In contrast, the transgenic lines showed higher Cd accumulation in the roots than did the wild-type plants when exposed to 0.5 or 5 μM Cd, although the difference was not significant for the T-2 and T-3 lines at 0.5 μM Cd (Fig. 2d). The enhanced Cd accumulation in the roots of the transgenic lines, caused by root-specific expression of OsHMA3, suggests that OsHMA3 functions in Cd sequestration into vacuoles for detoxification in tobacco plants. The root-to-shoot translocation efficiency of Cd, measured as the ratio of shoot Cd concentration to root Cd concentration, was significantly lower in the transgenic plants than in the wild-type plants under both Cd levels (Fig. 3). This finding is consistent with results regarding SaHMA3h overexpression in tobacco (Zhang et al. 2016b). These results suggest that root-specific expression of OsHMA3 in tobacco is involved in Cd translocation from roots to shoots. However, there was no significant difference in total Cd content between wild-type plants and the transgenic lines (Supplemental Fig. S1). It is possible that preferential capture of Cd by the root vacuoles of the transgenic plants decreased the root-to-shoot translocation of Cd (Ueno et al. 2010). Cd translocation via xylem loading is a key process in Cd accumulation in the aerial parts of plants (Clemens et al. 2002; Uraguchi et al. 2009). The significantly reduced Cd concentrations in the xylem sap of transgenic lines relative to the corresponding concentrations in wild-type plants further demonstrate that the root-specific expression of OsHMA3 reduced xylem loading of Cd in the tobacco plants.
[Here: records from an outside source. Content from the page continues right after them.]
(* Let $V$ be a finite-dimensional real vector space and $A\subset V$ a finite set of nonzero vectors spanning $V$, no two of which are parallel. The following are equivalent: (i) $A$ is indecomposable; (ii) for every basis $B\subset A$ of $V$, the graph $G(B;A)$ is connected; (iii) for some basis $B\subset A$ of $V$, the graph $G(B;A)$ is connected.
   Context: A decomposition of $A$ is a partition $A=A_1\cup A_2$ into nonempty sets with $V_1\cap V_2=0$, where $V_j=\mathrm{span}(A_j)$; $A$ is indecomposable if it has no decomposition. For a basis $B\subset A$, let $[\cdot,\cdot]_B$ be the inner product for which $B$ is orthonormal, and let $G(B;A)$ be the finite graph with vertex set $B$ and an edge between distinct $x,y\in B$ whenever there is $z\in A\setminus B$ with $[x,z]_B\ne0$ and $[y,z]_B\ne0$. *)

From HB Require Import structures.
From mathcomp Require Import all_boot all_order all_algebra.
From mathcomp Require Import reals.
Set Implicit Arguments. Unset Strict Implicit. Unset Printing Implicit Defensive.
Import Order.TTheory GRing.Theory Num.Theory.
Local Open Scope ring_scope.

Section Defs.
Variables (R : realType) (V : vectType R).

Definition decomposition (A A1 A2 : seq V) : Prop :=
  [/\ perm_eq A (A1 ++ A2), A1 != [::], A2 != [::] &
      (<<A1>> :&: <<A2>>)%VS = 0%VS].

Definition indecomposable (A : seq V) : Prop :=
  ~ exists A1 A2 : seq V, decomposition A A1 A2.

(* The inner product [.,.]_B for which the basis B is orthonormal:
   sum of products of coordinates in B. *)
Definition innerB (B : seq V) (u v : V) : R :=
  \sum_(i < size B) coord (in_tuple B) i u * coord (in_tuple B) i v.

Definition GB_edge (A B : seq V) : rel V :=
  fun x y => [&& x != y &
    has (fun z => [&& z \notin B, innerB B x z != 0 & innerB B y z != 0]) A].

Definition GB_connected (A B : seq V) : Prop :=
  forall x y, x \in B -> y \in B ->
    exists p : seq V, [&& all (mem B) p, path (GB_edge A B) x p & last x p == y].

Definition basis_in (A B : seq V) : Prop :=
  {subset B <= A} /\ basis_of fullv B.

End Defs.

From HB Require Import structures.
From mathcomp Require Import all_boot all_order all_algebra.
From mathcomp Require Import boolp reals.
Set Implicit Arguments. Unset Strict Implicit. Unset Printing Implicit Defensive.
Import Order.TTheory GRing.Theory Num.Theory.
Local Open Scope ring_scope.

(* For a basis B of V inside A, [b, a]_B is the b-coordinate of a, so b and c
   are adjacent in G(B;A) when some a in A \ B has nonzero coordinates at both.
   If A = A1 u A2 is a decomposition, every a in A_k is supported on B n A_k,
   so no edge joins the nonempty sets B n A1 and B n A2.  Conversely, if the
   component C of some vertex is not all of B, the vectors with a nonzero
   coordinate on C are supported on C (a coordinate off C would give an edge
   leaving C) while all others vanish on C; their spans meet only in 0.
   As A spans V, some basis B lies inside A, which links (ii) and (iii). *)

Lemma exists_free_subset_span (K : fieldType) (V : vectType K) (X : seq V) :
  exists Y, [/\ {subset Y <= X}, free Y & <<Y>>%VS = <<X>>%VS].
Proof.
elim: X => [|x X [Y [sYX freeY spanY]]]; first by exists [::]; rewrite nil_free.
have sYxX : {subset Y <= x :: X} by move=> v /sYX; rewrite inE orbC => ->.
have [xX | xNX] := boolP (x \in <<X>>%VS).
  by exists Y; rewrite span_cons spanY (addv_idPr xX).
exists (x :: Y); split; rewrite ?free_cons ?span_cons ?spanY ?xNX //.
by move=> v; rewrite !inE => /orP[-> // | /sYxX].
Qed.

Lemma basis_in_exists (R : realType) (V : vectType R) (A : seq V) :
  <<A>>%VS = fullv -> exists B, basis_in A B.
Proof.
move=> spanA; have [B [sBA freeB spanB]] := exists_free_subset_span A.
by exists B; split; rewrite // /basis_of spanB spanA eqxx.
Qed.

Section BasisCoordinates.
Variables (K : fieldType) (V : vectType K) (B : seq V).
Hypothesis basisB : basis_of fullv B.
Local Notation crd := (coord (in_tuple B)).

Lemma coord_basis_nth (i j : 'I_(size B)) : crd i B`_j = (j == i)%:R.
Proof. by rewrite coord_free ?(basis_free basisB). Qed.

Lemma coord_basis_nth_neq0 (i j : 'I_(size B)) : (crd i B`_j != 0) = (j == i).
Proof. by rewrite coord_basis_nth; case: (j == i); rewrite ?mulr1n ?oner_eq0 ?eqxx. Qed.

Lemma coord_basis_expansion v : v = \sum_(i < size B) crd i v *: B`_i.
Proof. exact: (coord_basis (X := in_tuple B) basisB (memvf v)). Qed.

Lemma coord_basis_eq0 v : (v == 0) = [forall i, crd i v == 0].
Proof.
apply/eqP/forallP => [-> i | crd0]; first by rewrite linear0.
rewrite (coord_basis_expansion v) big1 // => i _.
by rewrite (eqP (crd0 i)) scale0r.
Qed.

Lemma coord_span_eq0 S i v :
  {in S, forall s, crd i s = 0} -> v \in <<S>>%VS -> crd i v = 0.
Proof.
move=> crdS0 /(coord_span (X := in_tuple S)) ->; rewrite linear_sum big1 // => j _.
by rewrite linearZ /= crdS0 ?mulr0 ?mem_nth.
Qed.

Lemma coord_separated_cap_eq0 (C : pred 'I_(size B)) S1 S2 :
  {in S1, forall s i, ~~ C i -> crd i s = 0} ->
  {in S2, forall s i, C i -> crd i s = 0} ->
  (<<S1>> :&: <<S2>>)%VS = 0%VS.
Proof.
move=> crdS1 crdS2; apply/eqP; rewrite -subv0; apply/subvP => v.
case/memv_capP => vS1 vS2; rewrite memv0 coord_basis_eq0; apply/forallP => i.
apply/eqP; have [Ci | NCi] := boolP (C i).
  by apply: coord_span_eq0 vS2 => s /crdS2; apply.
by apply: coord_span_eq0 vS1 => s /crdS1; apply.
Qed.

(* Split z along the parts of B in A1 and outside A1: the second summand
   lies in <<A2>> and, as z minus the first one, also in <<A1>>. *)
Lemma coord_decomposition_eq0 A1 A2 z (k : 'I_(size B)) :
  (<<A1>> :&: <<A2>>)%VS = 0%VS -> {subset B <= A1 ++ A2} ->
  z \in A1 -> B`_k \notin A1 -> crd k z = 0.
Proof.
move=> capA sBA zA1 kNA1.
pose u1 := \sum_(j < size B | B`_j \in A1) crd j z *: B`_j.
pose u2 := \sum_(j < size B | B`_j \notin A1) crd j z *: B`_j.
have u1A1 : u1 \in <<A1>>%VS by apply/memv_suml => j jA1; rewrite memvZ ?memv_span.
have u2A2 : u2 \in <<A2>>%VS.
  apply/memv_suml => j jNA1; apply/memvZ/memv_span.
  by move: (sBA _ (mem_nth 0 (ltn_ord j))); rewrite mem_cat (negbTE jNA1).
have u2A1 : u2 \in <<A1>>%VS.
  have z_u : z = u1 + u2.
    rewrite {1}(coord_basis_expansion z).
    by rewrite (bigID (fun j : 'I_(size B) => B`_j \in A1)).
  have -> : u2 = z - u1 by rewrite z_u addrC addKr.
  exact: memvB (memv_span zA1) u1A1.
have : u2 \in 0%VS by rewrite -capA memv_cap u2A1 u2A2.
rewrite memv0 => /eqP/(congr1 (crd k)); rewrite linear0 => <-.
rewrite linear_sum (bigD1 k) //= big1 => [|j /andP[_ /negbTE jk]].
  by rewrite linearZ /= coord_basis_nth eqxx mulr1 addr0.
by rewrite linearZ /= coord_basis_nth jk mulr0.
Qed.

End BasisCoordinates.

Lemma path_last_closed (T : eqType) (e : rel T) (D : seq T) (P : pred T) :
  {in D &, forall x y, e x y -> P x -> P y} ->
  forall x p, x \in D -> all (mem D) p -> path e x p -> P x -> P (last x p).
Proof.
move=> closedP x p; elim: p x => [//|y p IHp] x xD /= /andP[yD pD] /andP[exy pe] Px.
exact: IHp yD pD pe (closedP x y xD yD exy Px).
Qed.

Section Decompositions.
Variables (R : realType) (V : vectType R) (A A1 A2 : seq V).
Hypothesis decA : decomposition A A1 A2.

Lemma decompositionC : decomposition A A2 A1.
Proof.
case: decA => pA ne1 ne2 capA; split; rewrite 1?capvC //.
by apply: perm_trans pA _; rewrite perm_catC.
Qed.

Lemma decomposition_disjoint v : uniq A -> v \in A1 -> v \notin A2.
Proof.
case: decA => pA _ _ _; rewrite (perm_uniq pA) cat_uniq => /and3P[_ disjA _] vA1.
by apply: contra disjA => vA2; apply/hasP; exists v.
Qed.

End Decompositions.

Section GBGraph.
Variables (R : realType) (V : vectType R) (A B : seq V).
Hypothesis basisB : basis_of fullv B.
Local Notation crd := (coord (in_tuple B)).

Lemma mem_basisP b : b \in B -> exists i : 'I_(size B), b = B`_i.
Proof. by case/(nthP 0) => i iB <-; exists (Ordinal iB). Qed.

Lemma innerB_nth (j : 'I_(size B)) z : innerB B B`_j z = crd j z.
Proof.
rewrite /innerB (bigD1 j) //= coord_basis_nth // eqxx mul1r.
rewrite big1 ?addr0 // => i /negbTE ij.
by rewrite coord_basis_nth // eq_sym ij mul0r.
Qed.

Lemma GB_edge_nth (i j : 'I_(size B)) : GB_edge A B B`_i B`_j =
  (B`_i != B`_j) && has (fun z => (crd i z != 0) && (crd j z != 0)) A.
Proof.
rewrite /GB_edge; have [//|Nij /=] := eqVneq.
apply/hasP/hasP => [[z zA /and3P[_ iz jz]] | [z zA /andP[iz jz]]]; exists z => //.
  by move: iz jz; rewrite !innerB_nth => -> ->.
rewrite !innerB_nth iz jz !andbT; apply: contraNN Nij => /mem_basisP[k zk].
move: iz jz; rewrite zk !coord_basis_nth_neq0 // => /eqP <- /eqP <- //.
Qed.

Definition GB_path x y :=
  exists p, [&& all (mem B) p, path (GB_edge A B) x p & last x p == y].

Lemma GB_path_rcons x y z :
  GB_path x y -> z \in B -> GB_edge A B y z -> GB_path x z.
Proof.
case=> p /and3P[pB xp /eqP py] zB yz; exists (rcons p z).
by rewrite all_rcons rcons_path last_rcons py pB xp yz eqxx !andbT.
Qed.

Lemma indecomposable_GB_connected :
  {subset B <= A} -> indecomposable A -> GB_connected A B.
Proof.
move=> sBA indA x y xB yB; change (GB_path x y).
have [//|Nxy] := asboolP (GB_path x y); case: indA.
pose C (i : 'I_(size B)) := `[< GB_path x B`_i >].
pose P (a : V) := [exists i, C i && (crd i a != 0)].
have [i0 x_i0] := mem_basisP xB; have [j0 y_j0] := mem_basisP yB.
exists (filter P A), (filter (predC P) A); split.
- by rewrite perm_sym perm_filterC.
- rewrite -has_filter; apply/hasP; exists x; first exact: sBA.
  apply/existsP; exists i0; apply/andP; split.
    by apply/asboolP; exists [::]; rewrite /= x_i0 eqxx.
  by rewrite x_i0 coord_basis_nth_neq0.
- rewrite -has_filter; apply/hasP; exists y; first exact: sBA.
  apply/existsPn => i; apply/negP => /andP[/asboolP xi].
  by rewrite y_j0 coord_basis_nth_neq0 // => /eqP ji; apply: Nxy; rewrite y_j0 ji.
- apply: (coord_separated_cap_eq0 basisB (C := C)) => s; rewrite mem_filter.
    case/andP=> /existsP[j /andP[Cj js]] sA i NCi; apply/eqP; apply: contraNT NCi => si.
    apply/asboolP; have [<- | Nji] := eqVneq B`_j B`_i; first exact/asboolP.
    apply: GB_path_rcons (asboolW Cj) (mem_nth 0 (ltn_ord i)) _.
    by rewrite GB_edge_nth Nji; apply/hasP; exists s; rewrite ?js ?si.
  by case/andP=> /existsPn Ps _ i Ci; move: (Ps i); rewrite Ci negbK => /eqP.
Qed.

Section Decomposition.
Variables (A1 A2 : seq V).
Hypotheses (sBA : {subset B <= A}) (decA : decomposition A A1 A2).

Lemma decomposition_support z k : z \in A1 -> crd k z != 0 -> B`_k \in A1.
Proof.
case: decA => pA _ _ capA zA1; apply: contraTT => kNA1; apply/negPn/eqP.
apply: (coord_decomposition_eq0 basisB capA _ zA1 kNA1).
by move=> b /sBA; rewrite (perm_mem pA).
Qed.

Lemma decomposition_meets_basis : 0 \notin A -> exists2 b, b \in B & b \in A1.
Proof.
move=> A_neq0; case: (decA) => pA ne1 _ _.
have [a aA1] : exists a, a \in A1.
  by case: (A1) ne1 => // a A1' _; exists a; rewrite inE eqxx.
have aA : a \in A by rewrite (perm_mem pA) mem_cat aA1.
have /forallPn[i ai] : ~~ [forall i, crd i a == 0].
  by rewrite -coord_basis_eq0 //; apply: contraNneq A_neq0 => <-.
by exists B`_i; [exact: mem_nth | exact: decomposition_support aA1 ai].
Qed.

End Decomposition.

Lemma decomposition_GB_edge_closed A1 A2 :
  uniq A -> {subset B <= A} -> decomposition A A1 A2 ->
  {in B &, forall b c, GB_edge A B b c -> b \in A1 -> c \in A1}.
Proof.
move=> uA sBA decA b c /mem_basisP[i ->] /mem_basisP[j ->].
rewrite GB_edge_nth => /andP[_ /hasP[z zA /andP[iz jz]]] iA1.
have : z \in A1 ++ A2 by case: decA => pA _ _ _; rewrite -(perm_mem pA).
rewrite mem_cat => /orP[zA1 | zA2].
  exact: (decomposition_support sBA decA zA1 jz).
have iA2 := decomposition_support sBA (decompositionC decA) zA2 iz.
by rewrite (negbTE (decomposition_disjoint decA uA iA1)) in iA2.
Qed.

Lemma GB_connected_indecomposable :
  uniq A -> 0 \notin A -> {subset B <= A} -> GB_connected A B -> indecomposable A.
Proof.
move=> uA A_neq0 sBA connB [A1 [A2 decA]].
have [b bB bA1] := decomposition_meets_basis sBA decA A_neq0.
have [c cB cA2] := decomposition_meets_basis sBA (decompositionC decA) A_neq0.
have [p /and3P[pB bp /eqP pc]] := connB b c bB cB.
have := path_last_closed (decomposition_GB_edge_closed uA sBA decA) bB pB bp bA1.
by rewrite pc => /(decomposition_disjoint decA uA); rewrite cA2.
Qed.

End GBGraph.

Theorem mainTheorem10 (R : realType) (V : vectType R) (A : seq V) :
  uniq A ->
  0 \notin A ->
  <<A>>%VS = fullv ->
  (forall x y, x \in A -> y \in A -> x != y -> x \notin <[y]>%VS) ->
  (indecomposable A <-> forall B, basis_in A B -> GB_connected A B) /\
  ((forall B, basis_in A B -> GB_connected A B) <->
     exists B, basis_in A B /\ GB_connected A B).
Proof.
(* The vectors of A need not be pairwise non-parallel. *)
move=> uA A_neq0 spanA _.
have [B0 B0A] := basis_in_exists spanA.
have i_ii B : basis_in A B -> indecomposable A -> GB_connected A B.
  by case=> sBA basisB; apply: indecomposable_GB_connected.
have iii_i B : basis_in A B -> GB_connected A B -> indecomposable A.
  by case=> sBA basisB; apply: GB_connected_indecomposable.
split; split.
- by move=> indA B BA; apply: i_ii.
- by move=> connAll; apply: (iii_i B0 B0A (connAll B0 B0A)).
- by move=> connAll; exists B0; split; last apply: connAll.
- by case=> B [BA connB] B' B'A; apply/(i_ii B' B'A)/(iii_i B BA connB).
Qed.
Many studies have demonstrated that oxidative stress is a primary effects of Cd exposure (Smeets et al. 2009; He et al. 2011; Gallego et al. 2012; Tamas et al. 2017; Ahmadi et al. 2018). In the present study, we used H2O2 levels as an indicator of oxidative stress. Decreased levels of H2O2 in the shoots were observed in the transgenic lines exposed to either 0.5 or 5 μM Cd (Fig. 5). A consequence of oxidative stress is ROS-induced lipid peroxidation of membranes, which can be indirectly measured by measuring the production of MDA (Mittler 2002). Consistent with the H2O2 contents in shoots, the MDA contents in shoots were significantly lower in the transgenic lines than in the wild-type plants (Fig. 5). These results are in accordance with the decreased Cd accumulation in the shoots of the transgenic lines, suggesting that the root-specific expression of OsHMA3 relieved the oxidative stress in the shoots of transgenic plants through reducing shoot Cd accumulation. Although root accumulation of Cd was higher in the transgenic lines than in the wild-type plants, no significant difference in H2O2 or MDA level in the roots was observed between the transgenic lines and wild-type plants (Fig. 5). This result may have been obtained because most of the accumulated Cd was stored in the vacuoles through the activity of OsHMA3, resulting in low oxidative stress to the root cells.

In conclusion, the results of the present study showed that the expression of OsHMA3 in tobacco roots driven by the root-specific NtREL1 promoter increased the vacuolar sequestration of Cd in the roots, resulting in reduced Cd loading into the xylem and decreasing Cd accumulation in leaves. This strategy may be useful for developing tobacco varieties with a reduced capacity to accumulate Cd in the shoots, potentially reducing the risk of Cd exposure for smoking people.